Top of Data in this exercise

Lemma shrink_pos_dependence L S w nu :
  {in S, forall z, 0 < w z} -> in_span L (lincomb S w) ->
  in_span L (lincomb S nu) -> ~ proportional_on S nu w ->
  exists S2 w2, [/\ S2 `<` S, S2 != fset0, {in S2, forall z, 0 < w2 z}
                  & in_span L (lincomb S2 w2)].
Proof.
move=> wpos spanw.
wlog [z zS nuz] : nu / exists2 z, z \in S & 0 < nu z.
  move=> wlog_pos spannu nonprop.
  case: (pselect (exists2 z, z \in S & 0 < nu z)) => [pos|nu_le0].
    exact: wlog_pos pos spannu nonprop.
  apply: (wlog_pos (fun x => - nu x)).
  - apply: contrapT => nnu_le0; apply: nonprop; exists 0 => x xS; rewrite mul0r.
    apply/eqP; rewrite eq_le !leNgt; apply/andP; split; apply/negP => nux.
      by apply: nu_le0; exists x.
    by apply: nnu_le0; exists x; rewrite // oppr_gt0.
  - by rewrite lincombN; apply: in_spanN.
  - by move=> [c cnu]; apply: nonprop; exists (- c) => x xS; rewrite mulNr -cnu ?opprK.
move=> spannu nonprop.
have zP : z \in [fset x in S | 0 < nu x] by rewrite !inE /= zS nuz.
have [z0 z0P z0min] := fset_argmin (fun x => w x / nu x) zP.
move: z0P; rewrite !inE /= => /andP[z0S nuz0].
pose s := w z0 / nu z0; pose w2 x := w x - s * nu x.
have w2_ge0 : {in S, forall x, 0 <= w2 x}.
  move=> x xS; rewrite subr_ge0; case: (ltP 0 (nu x)) => nux.
    by rewrite -ler_pdivlMr // z0min // !inE /= xS nux.
  by apply: le_trans (ltW (wpos _ xS)); rewrite mulr_ge0_le0 // ltW // divr_gt0 ?wpos.
pose S2 := [fset x in S | 0 < w2 x].
have w2_eq0 : {in S, forall x, x \notin S2 -> w2 x = 0}.
  move=> x xS; rewrite !inE /= xS /= => w2x.
  by apply/eqP; rewrite eq_le w2_ge0 // andbT leNgt.
exists S2, w2; split.
- rewrite fproperEneq; apply/andP; split; last by apply/fsubsetP => x; rewrite !inE /= => /andP[].
  apply/eqP => S2S; have : z0 \in S2 by rewrite S2S.
  by rewrite !inE /= z0S /w2 /s divfK ?subrr ?ltxx // gt_eqF.
- apply/eqP => S20; apply: nonprop; exists s^-1 => x xS.
  have := w2_eq0 _ xS; rewrite S20 inE => /(_ isT) /eqP; rewrite subr_eq0 => /eqP ->.
  by rewrite mulrA mulVf ?mul1r // gt_eqF // divr_gt0 ?wpos.
- by move=> x; rewrite !inE /= => /andP[].
rewrite (lincomb_subset _ w2_eq0); last by apply/fsubsetP => x; rewrite !inE /= => /andP[].
by rewrite lincombB lincombZ; apply: in_spanB => //; apply: in_spanZ.
Qed.

Variable X : {fset V}.

Definition circuit_mod L C mu : Prop :=
  [/\ C `<=` X, {in C, forall x, ~ in_span L x}, {in C, forall x, 0 < mu x},
      in_span L (lincomb C mu) &
      forall nu, in_span L (lincomb C nu) -> proportional_on C nu mu].

Lemma circuit_mod_of_pos_dependence L S w : S `<=` X ->
  {in S, forall z, ~ in_span L z} -> {in S, forall z, 0 < w z} ->
  S != fset0 -> in_span L (lincomb S w) -> exists C mu, C != fset0 /\ circuit_mod L C mu.
Proof.
move: {2}#|`S| (leqnn #|`S|) => k; elim: k S w => [|k IH] S w HS SX SnL wpos S0 spanw.
  by move: S0; rewrite -cardfs_eq0; lia.
case: (pselect (forall nu, in_span L (lincomb S nu) -> proportional_on S nu w)) => Smin.
  by exists S, w; split => //; split.
have [nu /not_implyP [spannu nonprop]] := (existsNP _).2 Smin.
have [S2 [w2 [S2S S20 w2pos spanw2]]] := shrink_pos_dependence wpos spanw spannu nonprop.
apply: (IH S2 w2) => //.
- by move: (fproper_ltn_card S2S) HS; lia.
- exact: fsubset_trans (fproper_sub S2S) SX.
- by move=> x /(fsubsetP (fproper_sub S2S)); apply: SnL.
Qed.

Bottom of Data in this exercise

Description of the task:
Lines holding the string "forall" in the records above must be counted; give the number alone.

Exercise output:
8